Freezout Lake is frozen solid just weeks before the annual spring waterfowl migration that attracts hundreds of thousands of migrating geese and swans to the lake in addition to birdwatchers who flock to the lake to view them.
“Assuming birds even start showing up, there’s going to be a lot of sitting on the ice for some of the birds,” said Brent Lonner, a wildlife biologist for Montana Fish, Wildlife & Parks.
Montana is in the midst of a long, hard winter that’s left the Rocky Mountain Front and prairies to its east buried in snow, including Freezout, a premier wetland/prairie complex near Fairfield where 200 species of birds have been documented with up to 300,000 white geese counted during spring migration.
“Everything’s frozen,” Lonner said.
Not only is the water frozen, nearby fields where the birds feed is covered with snow.
The timing is terrible.
Like clockwork, birds begin showing up in droves in late March at Freezoutout, which was once a watering hole for buffalo. Today it attracts birdwatchers who witness skies, water and fields turned white by massive migrating flocks of geese and swans.
During the peak of the migration, the third week of March or early in the fourth week, an average of 70,000 “white geese” — mostly snow geese and Ross’s geese — visit the 12,000-acre complex daily.
Tundra and trumpeter swans also make a pit stop at Freezout.
“We had our first snow geese yesterday, about 25 flying around, probably trying to figure out where to go,” Lonner said.
He’s already getting calls from people inquiring about the migration.
He’s not entirely sure how the migration will play out this year, for bird or birdwatchers.
“Birds are thinking, ‘It’s that time of the year,’” Lonner said. “Then they get up here, and it’s still winter. It will be an interesting next few weeks from that perspective too.”
To add to the misery, the roads within the Freezout Wildlife Management Area are clogged with snow.
“You almost need four-wheel drive to get around,” Lonner said.

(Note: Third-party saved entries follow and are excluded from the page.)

Definition sosA (R : rel 'I_n) (a : 'M[C]_n) : Prop :=
  exists k (b : 'I_k -> 'M[C]_n),
    (forall i, inA R (b i)) /\ a = \sum_(i < k) starA R (b i) (adj (b i)).

End Tolerance.

Definition graph_edge n (R : rel 'I_n) : rel 'I_n := fun i j => (i != j) && R i j.

Definition dominant n (R : rel 'I_n) (v : 'I_n) : Prop :=
  forall w, connect (graph_edge R) v w -> w != v -> graph_edge R v w.

Definition dominant_in_each_component n (R : rel 'I_n) : Prop :=
  forall x : 'I_n, exists2 v, connect (graph_edge R) x v & dominant R v.

From HB Require Import structures.
From mathcomp Require Import all_boot all_order all_algebra.
From mathcomp Require Import reals complex.
Set Implicit Arguments. Unset Strict Implicit. Unset Printing Implicit Defensive.
Import Order.TTheory GRing.Theory Num.Theory Num.Def.
Local Open Scope ring_scope.

(* Suppose the connected component of x0 has no dominant vertex. Let A be the
   adjacency matrix of that component, l its largest eigenvalue and v an
   eigenvector. Every nonzero vector supported in the closed neighbourhood of
   a vertex has Rayleigh quotient for A strictly below l, and finitely many
   neighbourhoods give a uniform t < l. Then W = t - A vanishes off R, the
   functional a |-> tr (W a) is nonnegative on each b b^* with b in A(R)
   (whose conjugate rows are supported in closed neighbourhoods), yet on the
   positive element T(v^* v) it equals (t - l) |v|^2 < 0. *)

Section QuadraticForm.
Variables (C : numClosedFieldType) (n : nat).
Implicit Types (H : 'M[C]_n) (x : 'rV[C]_n).

Definition qform H x : C := (x *m H *m map_mx conjC x^T) 0 0.
Definition sqnorm x : C := \sum_i `|x 0 i| ^+ 2.

Lemma qformE H x : qform H x = \sum_i \sum_j x 0 i * H i j * (x 0 j)^*.
Proof.
rewrite /qform mxE [RHS]exchange_big /=; apply: eq_bigr => j _.
by rewrite mxE big_distrl /=; apply: eq_bigr => i _; rewrite !mxE.
Qed.

Lemma qform_diag (d : 'rV[C]_n) x :
  qform (diag_mx d) x = \sum_i d 0 i * `|x 0 i| ^+ 2.
Proof.
rewrite qformE; apply: eq_bigr => i _.
rewrite (bigD1 i) //= big1 ?addr0; last first.
  by move=> j /negPf ji; rewrite !mxE eq_sym ji mulr0n mulr0 mul0r.
by rewrite !mxE eqxx mulr1n normCK mulrCA mulrA.
Qed.

Lemma qform_scalar (t : C) x : qform t%:M x = t * sqnorm x.
Proof.
have -> : t%:M = diag_mx (const_mx t) :> 'M[C]_n.
  by apply/matrixP => i j; rewrite !mxE.
by rewrite qform_diag mulr_sumr; apply: eq_bigr => i _; rewrite mxE.
Qed.

Lemma qformB H1 H2 x : qform (H1 - H2) x = qform H1 x - qform H2 x.
Proof. by rewrite /qform mulmxBr mulmxBl !mxE. Qed.

Lemma qform_eigen H x l : x *m H = l *: x -> qform H x = l * sqnorm x.
Proof.
move=> xH; have := qform_scalar 1 x; rewrite mul1r /qform mulmx1 => <-.
by rewrite xH -scalemxAl mxE.
Qed.

Lemma qform0 x : qform 0 x = 0.
Proof. by rewrite /qform mulmx0 mul0mx mxE. Qed.

Lemma qform_delta H i : qform H (delta_mx 0 i) = H i i.
Proof.
rewrite /qform -rowE trmx_delta.
have -> : map_mx conjC (delta_mx i 0) = delta_mx i 0 :> 'cV[C]_n.
  by apply/matrixP => j k; rewrite !mxE rmorph_nat.
by rewrite -colE !mxE.
Qed.

Lemma sqnorm_ge0 x : 0 <= sqnorm x.
Proof. by apply: sumr_ge0 => i _; rewrite exprn_ge0. Qed.

Lemma sqnorm_eq0 x : (sqnorm x == 0) = (x == 0).
Proof.
apply/idP/eqP => [/eqP/psumr_eq0P x0|->]; last first.
  by rewrite /sqnorm big1 // => i _; rewrite mxE normr0 expr0n.
apply/rowP => i; apply/eqP; rewrite mxE -normr_eq0 -[_ == 0](expf_eq0 _ 2).
by rewrite x0 // => j _; rewrite exprn_ge0.
Qed.

Lemma sqnorm_gt0 x : (0 < sqnorm x) = (x != 0).
Proof. by rewrite lt_def sqnorm_ge0 sqnorm_eq0 andbT. Qed.

Lemma sqnorm_delta i : sqnorm (delta_mx 0 i) = 1.
Proof. by rewrite -[LHS]mul1r -qform_scalar qform_delta mxE eqxx. Qed.

Lemma sqnorm_normr x : sqnorm (map_mx normr x) = sqnorm x.
Proof. by apply: eq_bigr => i _; rewrite mxE normr_id. Qed.

Lemma qform_normr_ge H x : (forall i j, 0 <= H i j) ->
  `|qform H x| <= qform H (map_mx normr x).
Proof.
move=> H_ge0; rewrite !qformE; apply: le_trans (ler_norm_sum _ _ _) _.
apply: ler_sum => i _; apply: le_trans (ler_norm_sum _ _ _) _.
apply: ler_sum => j _; rewrite !normrM norm_conjC !mxE conj_normC.
by rewrite (ger0_norm (H_ge0 i j)).
Qed.

Lemma qform_conj_unitary (P : 'M[C]_n) H x :
  qform (map_mx conjC P^T *m H *m P) x = qform H (x *m map_mx conjC P^T).
Proof.
rewrite /qform !mulmxA; congr (_ 0 0); rewrite -!mulmxA; congr (_ *m _).
by rewrite trmx_mul map_mxM -map_trmx trmxK -map_mx_comp (map_mx_id (@conjCK _)).
Qed.

Lemma sqnorm_unitary (P : 'M[C]_n) x : map_mx conjC P^T *m P = 1%:M ->
  sqnorm (x *m map_mx conjC P^T) = sqnorm x.
Proof.
move=> PtP; rewrite -[LHS]mul1r -[RHS]mul1r -!qform_scalar -qform_conj_unitary.
by rewrite mulmx1 PtP.
Qed.

Lemma exists_real_argmax (I : finType) (i0 : I) (f : I -> C) :
  (forall i, f i \is Num.real) -> exists i, forall j, f j <= f i.
Proof.
move=> f_real; suff [i f_le] : exists i, forall j, j \in enum I -> f j <= f i.
  by exists i => j; apply: f_le; rewrite mem_enum.
elim: (enum I) => [|a s [i f_le]]; first by exists i0.
have /orP[le_ai|le_ia] := real_leVge (f_real a) (f_real i).
  by exists i => j; rewrite inE => /orP[/eqP->//|]; apply: f_le.
exists a => j; rewrite inE => /orP[/eqP->//|/f_le le_ji].
exact: le_trans le_ji le_ia.
Qed.

Lemma hermitian_unitary_diag H : H \is hermsymmx ->
  exists P (d : 'rV[C]_n), [/\ map_mx conjC P^T *m P = 1%:M,
    P *m map_mx conjC P^T = 1%:M, forall i, d 0 i \is Num.real
    & H = map_mx conjC P^T *m diag_mx d *m P].
Proof.
move=> herm_H; have P_unitary := spectral_unitarymx H.
exists (spectralmx H), (spectral_diag H); split.
- by rewrite -invmx_unitary // mulVmx // unitarymx_unit.
- exact: unitarymxP.
- by move=> i; apply: (mxOverP (hermitian_spectral_diag_real herm_H)).
- by rewrite -invmx_unitary //; apply/orthomx_spectralP/hermitian_normalmx.
Qed.
Lemma window_cauchy : ex_finite_lim_seq window.
Proof.
  apply ex_lim_seq_cauchy_corr. intros eps.
  destruct (weight_tail_eventually_small p p_gt1 (4 * K) eps ltac:(lra) (cond_pos eps))
    as [A [HA HAB]].
  destruct (INR_unbounded A) as [N HN].
  exists N. intros n m Hn Hm.
  assert (INR N <= INR n) by (apply le_INR; lia).
  assert (INR N <= INR m) by (apply le_INR; lia).
  generalize (window_approx n (INR N) ltac:(split; [apply pos_INR | lra]))
             (window_approx m (INR N) ltac:(split; [apply pos_INR | lra])).
  intros X1 X2. specialize (HAB (INR N) ltac:(lra)).
  replace (window n - window m) with
    ((window n - RInt f (- INR N) (INR N)) - (window m - RInt f (- INR N) (INR N))) by ring.
  eapply Rle_lt_trans; [apply Rabs_triang | rewrite Rabs_Ropp; lra].
Qed.

Lemma limit_window_approx (l : R) : is_lim_seq window l -> forall A, 0 <= A ->
  Rabs (l - RInt f (- A) A) <= 2 * K * weight_tail p A.
Proof.
  intros Hl A HA.
  assert (Hle := is_lim_seq_le_loc (fun n => Rabs (window n - RInt f (- A) A))
    (fun _ => 2 * K * weight_tail p A) (Rabs (l - RInt f (- A) A)) (2 * K * weight_tail p A)).
  apply Hle.
  - destruct (INR_unbounded A) as [N HN]. exists N. intros n Hn.
    apply window_approx. split; auto. assert (INR N <= INR n) by (apply le_INR; lia). lra.
  - apply (is_lim_seq_abs _ (Finite (l - RInt f (- A) A))).
    apply (is_lim_seq_minus' _ _ l _ Hl). apply is_lim_seq_const.
  - apply is_lim_seq_const.
Qed.

Lemma is_RInt_gen_dominated : exists l,
  is_RInt_gen f (Rbar_locally m_infty) (Rbar_locally p_infty) l /\
  forall A, 0 <= A -> Rabs (l - RInt f (- A) A) <= 2 * K * weight_tail p A.
Proof.
  destruct window_cauchy as [l Hl].
  assert (Hb := limit_window_approx l Hl).
  exists l. split; auto.
  intros P [eps Heps].
  destruct (weight_tail_eventually_small p p_gt1 (4 * K) eps ltac:(lra) (cond_pos eps))
    as [A [HA HAB]].
  specialize (HAB A (Rle_refl A)).
  exists (fun a => a < - A) (fun b => A < b).
  - exists (- A). auto.
  - exists A. auto.
  - intros a b Ha Hb'. simpl. exists (RInt f a b). split.
    + apply (@RInt_correct R_CompleteNormedModule). apply ex_RInt_R, f_cont.
    + apply Heps. unfold ball; simpl; unfold AbsRing_ball, abs, minus, plus, opp; simpl.
      generalize (RInt_window_approx a b A ltac:(lra) HA ltac:(lra)) (Hb A HA).
      replace (RInt f a b + - l) with ((RInt f a b - RInt f (- A) A) - (l - RInt f (- A) A)) by ring.
      generalize (Rabs_triang (RInt f a b - RInt f (- A) A) (- (l - RInt f (- A) A))).
      rewrite Rabs_Ropp. unfold Rminus in *. lra.
Qed.

Lemma IntR_correct : is_RInt_gen f (Rbar_locally m_infty) (Rbar_locally p_infty) (IntR f).
Proof.
  destruct is_RInt_gen_dominated as [l [Hl _]].
  unfold IntR. rewrite (is_RInt_gen_unique f l Hl). exact Hl.
Qed.

Lemma IntR_window_approx A : 0 <= A ->
  Rabs (IntR f - RInt f (- A) A) <= 2 * K * weight_tail p A.
Proof.
  destruct is_RInt_gen_dominated as [l [Hl HA]].
  unfold IntR. rewrite (is_RInt_gen_unique f l Hl). exact (HA A).
Qed.

Lemma abs_IntR_le : Rabs (IntR f) <= 2 * K * weight_tail p 0.
Proof.
  generalize (IntR_window_approx 0 (Rle_refl 0)).
  rewrite Ropp_0, RInt_point. unfold zero; simpl. rewrite Rminus_0_r. auto.
Qed.

Lemma IntR_odd : (forall x, f (- x) = - f x) -> IntR f = 0.
Proof.
  intros Hodd.
  apply (weight_tail_zero_of_bound (2 * K)); [lra |]. intros A HA.
  replace (IntR f) with (IntR f - RInt f (- A) A); [apply IntR_window_approx; auto |].
  enough (RInt f (- A) A = 0) by lra.
  assert (E : RInt f (- A) A = RInt f A (- A)).
  { apply is_RInt_unique.
    apply (is_RInt_ext (fun y => opp (f (- y)))).
    { intros x _. rewrite Hodd. unfold opp; simpl. ring. }
    apply (@is_RInt_comp_opp R_NormedModule f).
    rewrite Ropp_involutive. apply (@RInt_correct R_CompleteNormedModule), ex_RInt_R, f_cont. }
  assert (E2 : RInt f A (- A) = - RInt f (- A) A).
  { symmetry. apply (opp_RInt_swap f (- A) A), ex_RInt_R, f_cont. }
  lra.
Qed.

Lemma IntR_pos x1 : (forall x, 0 <= f x) -> 0 < f x1 -> 0 < IntR f.
Proof.
  intros Hnn Hx1.
  destruct (continuous_R_eps f x1 (f x1 / 2) (f_cont x1)) as [d [Hd Hdd]]; [lra |].
  destruct (weight_tail_eventually_small p p_gt1 (2 * K) (d * f x1 / 4) ltac:(lra) ltac:(nra))
    as [A [HA HAB]].
  set (B := Rmax A (Rabs x1 + d)).
  assert (HB1 : A <= B) by apply Rmax_l.
  assert (HB2 : Rabs x1 + d <= B) by apply Rmax_r.
  specialize (HAB B HB1).
  generalize (IntR_window_approx B ltac:(generalize (Rabs_pos x1); lra)). intros X.
  assert (Hin : (x1 + d / 2 - (x1 - d / 2)) * (f x1 / 2) <= RInt f (x1 - d / 2) (x1 + d / 2)).
  { apply RInt_ge_const; auto; [lra |].
    intros x Hx. specialize (Hdd x ltac:(apply Rabs_def1; lra)). apply Rabs_def2 in Hdd. lra. }
  assert (Hl : 0 <= RInt f (- B) (x1 - d / 2)).
  { apply RInt_ge_0; auto.
    - generalize (Rle_abs (- x1)); rewrite Rabs_Ropp; lra.
    - apply ex_RInt_R, f_cont. }
  assert (Hr : 0 <= RInt f (x1 + d / 2) B).
  { apply RInt_ge_0; auto.
    - generalize (Rle_abs x1); lra.
    - apply ex_RInt_R, f_cont. }
  rewrite <- (RInt_Chasles_R f f_cont _ (x1 + d / 2)), <- (RInt_Chasles_R f f_cont _ (x1 - d / 2)) in X.
  generalize (Rle_abs (- (IntR f - (RInt f (- B) (x1 - d / 2) + RInt f (x1 - d / 2) (x1 + d / 2)
    + RInt f (x1 + d / 2) B)))). rewrite Rabs_Ropp. nra.
Qed.

End Tails.

Lemma IntR_ext f g : (forall x, f x = g x) -> IntR f = IntR g.
Proof. intros H. unfold IntR. f_equal. apply functional_extensionality. auto. Qed.

Lemma IntR_plus f g Kf Kg : dominated p Kf f -> dominated p Kg g ->
  IntR (fun x => f x + g x) = IntR f + IntR g.
Proof.
  intros Hf Hg. unfold IntR at 1.
  apply (is_RInt_gen_unique (fun x => f x + g x)).
  apply (is_RInt_gen_plus f g); [apply (IntR_correct f Kf Hf) | apply (IntR_correct g Kg Hg)].
Qed.

Lemma IntR_scal f c K : dominated p K f -> IntR (fun x => c * f x) = c * IntR f.
Proof.
  intros Hf. unfold IntR at 1.
  apply (is_RInt_gen_unique (fun x => c * f x)).
  apply (is_RInt_gen_scal f c). apply (IntR_correct f K Hf).
Qed.

Lemma dominated_plus f g Kf Kg : dominated p Kf f -> dominated p Kg g ->
  dominated p (Kf + Kg) (fun x => f x + g x).
Proof.
  intros [Hf1 Hf2] [Hg1 Hg2]. split.
  - intros x. auto_continuous.
  - intros x. eapply Rle_trans; [apply Rabs_triang |]. generalize (Hf2 x) (Hg2 x). lra.
Qed.

Lemma dominated_scal f c K : dominated p K f -> dominated p (Rabs c * K) (fun x => c * f x).
Proof.
  intros [Hf1 Hf2]. split.
  - intros x. auto_continuous.
  - intros x. rewrite Rabs_mult, Rmult_assoc. apply Rmult_le_compat_l; [apply Rabs_pos | auto].
Qed.

Lemma dominated_mult_bounded f t K : dominated p K f ->
  (forall x, continuous t x) -> (forall x, Rabs (t x) <= 1) ->
  dominated p K (fun x => f x * t x).
Proof.
  intros [Hfc Hfb] Htc Htb. split.
  - intros x. auto_continuous.
  - intros x. rewrite Rabs_mult. eapply Rle_trans; [| apply (Hfb x)].
    generalize (Htb x) (Rabs_pos (f x)) (Rabs_pos (t x)). nra.
Qed.

End Dominated.

Lemma Rabs_cos_le_1 t : Rabs (cos t) <= 1.
Proof. apply Rabs_le; apply COS_bound. Qed.

Lemma Rabs_sin_le_1 t : Rabs (sin t) <= 1.
Proof. apply Rabs_le; apply SIN_bound. Qed.

Lemma Rabs_sin_sub_le a b : Rabs (sin (a + b) - sin a) <= Rabs b.
Proof.
  destruct (MVT_abs sin cos a (a + b)) as [c [Hc _]].
  { intros c _. apply derivable_pt_lim_sin. }
  rewrite Hc. replace (a + b - a) with b by ring.
  generalize (Rabs_cos_le_1 c) (Rabs_pos b). nra.
Qed.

Freezout, which has a main lake and six ponds, can see up to 30 to 40 percent of a million white geese that use a flyway connecting wintering grounds in places such as Mexico and central California to nesting colonies in the arctic in Canada and Alaska.
During their journey, the birds stop at Freezout to feed in the grain fields and float on the open water.
Lonner doesn’t think the birds will find conditions much better north of Montana in Canada.
He’s not sure where they will go.
“They’ll scrounge around and get what they can, but if there’s no water, they will search out places elsewhere to get what they need: food and open water,” Lonner said.
There have been other years when Freezout has frozen but there’s usually open water by the time the peak migration hits, Lonner said.
Freezout Lake is located in a glacial basin and its water is prone to freezing in the winter, hence the name.
The area was originally known as Freezout Flats because it was just generally cold, windy and inhospitable, Lonner said.
But in most years there's open water by the time the peak waterfowl migration hits, he said.